Eat more, move less and don’t gain weight by blocking a marijuana-like chemical in the brain
March 6, 2012
Unless you're a rodent, it's probably too early to get excited about the possibility of being able to eat all you want, be a couch potato and still not gain weight, but new research using a strain of specially-modified mice indicates that just such an unlikely scenario might one day be possible. Recently, a team of scientists from UC Irvine (UCI), Yale and Marche Polytechnic University in Ancona, Italy discovered they could bring this metabolic miracle about in the lab by blocking the actions of a marijuana-like compound that regulates energy metabolism.

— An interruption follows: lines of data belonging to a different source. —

Record lieAlg (K : fieldType) := LieAlg {
  lie_car :> lmodType K;
  lie_br : lie_car -> lie_car -> lie_car;
  lie_brDl : forall (a : K) (x y z : lie_car),
      lie_br (a *: x + y) z = a *: lie_br x z + lie_br y z;
  lie_brDr : forall (a : K) (x y z : lie_car),
      lie_br x (a *: y + z) = a *: lie_br x y + lie_br x z;
  lie_brxx : forall x : lie_car, lie_br x x = 0;
  lie_jacobi : forall x y z : lie_car,
      lie_br x (lie_br y z) + lie_br y (lie_br z x) + lie_br z (lie_br x y) = 0 }.

Inductive lterm (K T : Type) :=
| LGen of T
| LZero
| LAdd of lterm K T & lterm K T
| LScale of K & lterm K T
| LBr of lterm K T & lterm K T.
Arguments LZero {K T}.
Arguments LGen {K T} _.
Arguments LAdd {K T} _ _.
Arguments LScale {K T} _ _.
Arguments LBr {K T} _ _.

Section Terms.
Variables (K : fieldType) (E : finType).
Local Notation term := (lterm K E).

Fixpoint leval (M : lieAlg K) (f : E -> M) (t : term) : M :=
  match t with
  | LGen x => f x
  | LZero => 0
  | LAdd a b => leval f a + leval f b
  | LScale c a => c *: leval f a
  | LBr a b => lie_br (leval f a) (leval f b)
  end.

Fixpoint lsubst (g : E -> term) (t : term) : term :=
  match t with
  | LGen x => g x
  | LZero => LZero
  | LAdd a b => LAdd (lsubst g a) (lsubst g b)
  | LScale c a => LScale c (lsubst g a)
  | LBr a b => LBr (lsubst g a) (lsubst g b)
  end.

(* t only involves generators from S, i.e. t represents an element of F(S) *)
Fixpoint onS (S : {set E}) (t : term) : bool :=
  match t with
  | LGen x => x \in S
  | LZero => true
  | LAdd a b => onS S a && onS S b
  | LScale _ a => onS S a
  | LBr a b => onS S a && onS S b
  end.

Definition rels := term -> Prop.

Definition models (M : lieAlg K) (f : E -> M) (R : rels) : Prop :=
  forall r, R r -> leval f r = 0.

(* t = u in F(E)/<R> (for terms over S, and relators over S, this is
   equality in F(S)/<R>) *)
Definition lequiv (R : rels) (t u : term) : Prop :=
  forall (M : lieAlg K) (f : E -> M), models f R -> leval f t = leval f u.

Definition noRels : rels := fun _ => False.

Definition sumBr (ps : seq (term * term)) : term :=
  foldr (fun p acc => LAdd (LBr p.1 p.2) acc) LZero ps.

(* t (over S) lies in the derived algebra [M,M] of M = F(S)/<R>:
   it is a sum of brackets of elements of M. *)
Definition inDerived (R : rels) (S : {set E}) (t : term) : Prop :=
  exists ps : seq (term * term),
    all (fun p => onS S p.1 && onS S p.2) ps /\ lequiv R t (sumBr ps).

(* I is an ideal of F(E)/<R> (as a set of representing terms) *)
Definition isIdeal (R : rels) (I : term -> Prop) : Prop :=
  [/\ (forall t u, lequiv R t u -> I t -> I u),
      I LZero,
      (forall t u, I t -> I u -> I (LAdd t u)),
      (forall c t, I t -> I (LScale c t)) &
      (forall t u, I t -> I (LBr u t))].

Definition idealGen (R : rels) (G : term -> Prop) (t : term) : Prop :=
  forall I, isIdeal R I -> (forall g, G g -> I g) -> I t.

Definition set_arrangement (Ar : {set {set E}}) : Prop :=
  (forall A, A \in Ar -> 3 <= #|A|)%N /\
  (forall A B, A \in Ar -> B \in Ar -> A != B -> #|A :&: B| <= 1)%N.

Definition supp (Bs : {set {set E}}) : {set E} := \bigcup_(B in Bs) B.

Definition closed_in (Bs Ar : {set {set E}}) : Prop :=
  Bs \subset Ar /\ (forall A, A \in Ar -> A \notin Bs -> #|A :&: supp Bs| <= 1)%N.

Definition RB (RA : {set E} -> rels) (Bs : {set {set E}}) : rels :=
  fun r => (exists2 B, B \in Bs & RA B r) \/
    exists x y, [/\ x \in supp Bs, y \in supp Bs,
      (forall B, B \in Bs -> ~ (x \in B /\ y \in B)) &
      r = LBr (LGen x) (LGen y)].

Definition Rglob (RA : {set E} -> rels) (Ar : {set {set E}}) : rels :=
  fun r => (exists2 A, A \in Ar & RA A r) \/
    exists x y, (forall A, A \in Ar -> ~ (x \in A /\ y \in A)) /\
      r = LBr (LGen x) (LGen y).

Definition piB (Bs : {set {set E}}) (t : term) : term :=
  lsubst (fun x => if x \in supp Bs then LGen x else LZero) t.

End Terms.

From mathcomp Require Import all_boot all_order all_algebra.
Set Implicit Arguments. Unset Strict Implicit. Unset Printing Implicit Defensive.
Import GRing.Theory.
Local Open Scope ring_scope.

(* Write S_i = supp(B_i). The derived algebra L' is the ideal of L generated by
   the brackets [x,y] of generators. Such a bracket is 0 in L unless x, y lie in
   a common A of Ar, and then A belongs to a unique B_i and [x,y] lies in
   s_i(L'_{B_i}). Bracketing s_i(u) with a generator x stays in s_i(L'_{B_i})
   when x is in S_i, and is a generator of G otherwise. Hence
   L' = sum_i s_i(L'_{B_i}) + <G>.
   For j <> i, pi_j kills s_i(L'_{B_i}): by closedness two distinct points of
   S_i never lie in a common block of B_j, so they commute in L_{B_j}. Also pi_j
   kills G, and pi_j o s_j is the identity. So an element sum_i s_i(u_i) + n of
   J has every u_j = 0, i.e. it is n, which lies in <G>. Conversely J is an
   ideal containing G. *)

Section LieAlgebraTheory.
Variables (K : fieldType) (M : lieAlg K).
Implicit Types x y z : M.
Local Notation br := (@lie_br K M).

Lemma lie_br_addl x y z : br (x + y) z = br x z + br y z.
Proof. by have := lie_brDl 1 x y z; rewrite !scale1r. Qed.

Lemma lie_br_addr z x y : br z (x + y) = br z x + br z y.
Proof. by have := lie_brDr 1 z x y; rewrite !scale1r. Qed.

Lemma lie_br0l z : br 0 z = 0.
Proof. by apply/(addrI (br 0 z)); rewrite -lie_br_addl !addr0. Qed.

Lemma lie_br0r z : br z 0 = 0.
Proof. by apply/(addrI (br z 0)); rewrite -lie_br_addr !addr0. Qed.

Lemma lie_brZl (a : K) x z : br (a *: x) z = a *: br x z.
Proof. by have := lie_brDl a x 0 z; rewrite !addr0 lie_br0l addr0. Qed.

Lemma lie_brZr (a : K) x z : br z (a *: x) = a *: br z x.
Proof. by have := lie_brDr a z x 0; rewrite !addr0 lie_br0r addr0. Qed.

Lemma lie_brNr x z : br z (- x) = - br z x.
Proof. by rewrite -scaleN1r lie_brZr scaleN1r. Qed.

Lemma lie_br_antisym x y : br x y = - br y x.
Proof.
apply/eqP; rewrite -addr_eq0; have := lie_brxx (x + y).
by rewrite lie_br_addl !lie_br_addr !lie_brxx add0r addr0 => ->.
Qed.

Lemma lie_br_derivation x y z : br x (br y z) = br (br x y) z + br y (br x z).
Proof.
have := lie_jacobi x y z.
rewrite (lie_br_antisym z x) lie_brNr (lie_br_antisym z) -addrA -opprD => /eqP.
by rewrite subr_eq0 addrC => /eqP.
Qed.

End LieAlgebraTheory.

Section LieTerms.
Variables (K : fieldType) (E : finType).
Local Notation term := (lterm K E).
Implicit Types (t u : term) (S : {set E}) (R : rels K E) (I : term -> Prop).

Lemma onS_setT t : onS setT t.
Proof.
by elim: t => [x||a IHa b IHb|c a IH|a IHa b IHb] /=; rewrite ?in_setT ?IHa ?IHb.
Qed.

Lemma eq_in_leval (M : lieAlg K) (f g : E -> M) S t :
  {in S, f =1 g} -> onS S t -> leval f t = leval g t.
Proof.
move=> eq_fg; elim: t => [x||a IHa b IHb|c a IH|a IHa b IHb] //=.
- exact: eq_fg.
- by case/andP=> /IHa-> /IHb->.
- by move/IH->.
- by case/andP=> /IHa-> /IHb->.
Qed.

Lemma leval_lsubst (M : lieAlg K) (f : E -> M) (g : E -> term) t :
  leval f (lsubst g t) = leval (fun x => leval f (g x)) t.
Proof. by elim: t => [x||a /= -> b ->|c a /= ->|a /= -> b ->]. Qed.

Lemma leval_sumBr (M : lieAlg K) (f : E -> M) ps :
  leval f (sumBr ps) = \sum_(p <- ps) lie_br (leval f p.1) (leval f p.2).
Proof. by elim: ps => [|p ps IH]; rewrite ?big_nil ?big_cons //= IH. Qed.

Lemma leval_big (M : lieAlg K) (f : E -> M) (I : Type) (r : seq I) (P : pred I)
    (F : I -> term) :
  leval f (\big[LAdd/LZero]_(i <- r | P i) F i) = \sum_(i <- r | P i) leval f (F i).
Proof. exact: (big_morph (leval f)). Qed.

Definition restrict (M : lieAlg K) S (f : E -> M) (x : E) : M :=
  if x \in S then f x else 0.

Lemma leval_piB (M : lieAlg K) (f : E -> M) Bs t :
  leval f (piB Bs t) = leval (restrict (supp Bs) f) t.
Proof.
rewrite leval_lsubst; apply: (eq_in_leval _ (onS_setT t)) => x _.
by rewrite /restrict; case: ifP.
Qed.

Lemma lie_br_leval_eq0 (M : lieAlg K) (f : E -> M) S a b :
  {in S &, forall x y, lie_br (f x) (f y) = 0} -> onS S a -> onS S b ->
  lie_br (leval f a) (leval f b) = 0.
Proof.
move=> fS_comm.
have gen_comm x t : x \in S -> onS S t -> lie_br (f x) (leval f t) = 0.
  move=> xS; elim: t => [y||c IHc d IHd|e c IH|c IHc d IHd] /=.
  - exact: fS_comm.
  - by rewrite lie_br0r.
  - by case/andP=> /IHc hc /IHd hd; rewrite lie_br_addr hc hd addr0.
  - by move/IH=> h; rewrite lie_brZr h scaler0.
  - case/andP=> /IHc hc /IHd hd.
    by rewrite lie_br_derivation hc hd lie_br0l lie_br0r addr0.
elim: a b => [x||c IHc d IHd|e c IH|c IHc d IHd] b /=.
- exact: gen_comm.
- by rewrite lie_br0l.
- by case/andP=> hc hd hb; rewrite lie_br_addl IHc // IHd // addr0.
- by move=> hc hb; rewrite lie_brZl IH // scaler0.
- by case/andP=> hc hd hb; rewrite IHc // lie_br0l.
Qed.

Lemma leval_inDerived_eq0 (M : lieAlg K) (f : E -> M) R S t :
  models f R -> {in S &, forall x y, lie_br (f x) (f y) = 0} -> inDerived R S t ->
  leval f t = 0.
Proof.
move=> fR fS_comm [ps [ps_S t_ps]]; rewrite (t_ps _ _ fR) leval_sumBr.
elim: ps ps_S {t_ps} => [|p ps IH]; rewrite ?big_nil ?big_cons //=.
by case/andP=> /andP[p1 p2] /IH->; rewrite (lie_br_leval_eq0 fS_comm) ?add0r.
Qed.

To bring about this hypermetabolic state, the researchers, led by UCI pharmacology professor Daniele Piomelli, altered forebrain neurons in mice to reduce production of a substance called 2-Arachidonoylglycerol (2-AG). Evidently, all mammalian brains contain 2-AG, a naturally-produced endocannabinoid compound. The team believes this plays a role in regulating the forebrain neural circuits that take part in energy dispersal.
When these 2-AG-deprived mice were observed, they consumed more food and were more sedentary than their unmodified cousins but gained no extra weight, even when fed high-fat chow. Especially interesting was the absence of any signs of the symptoms collectively known as metabolic syndrome, such as high blood pressure and elevated blood sugar - conditions that can eventually lead to heart disease and obesity.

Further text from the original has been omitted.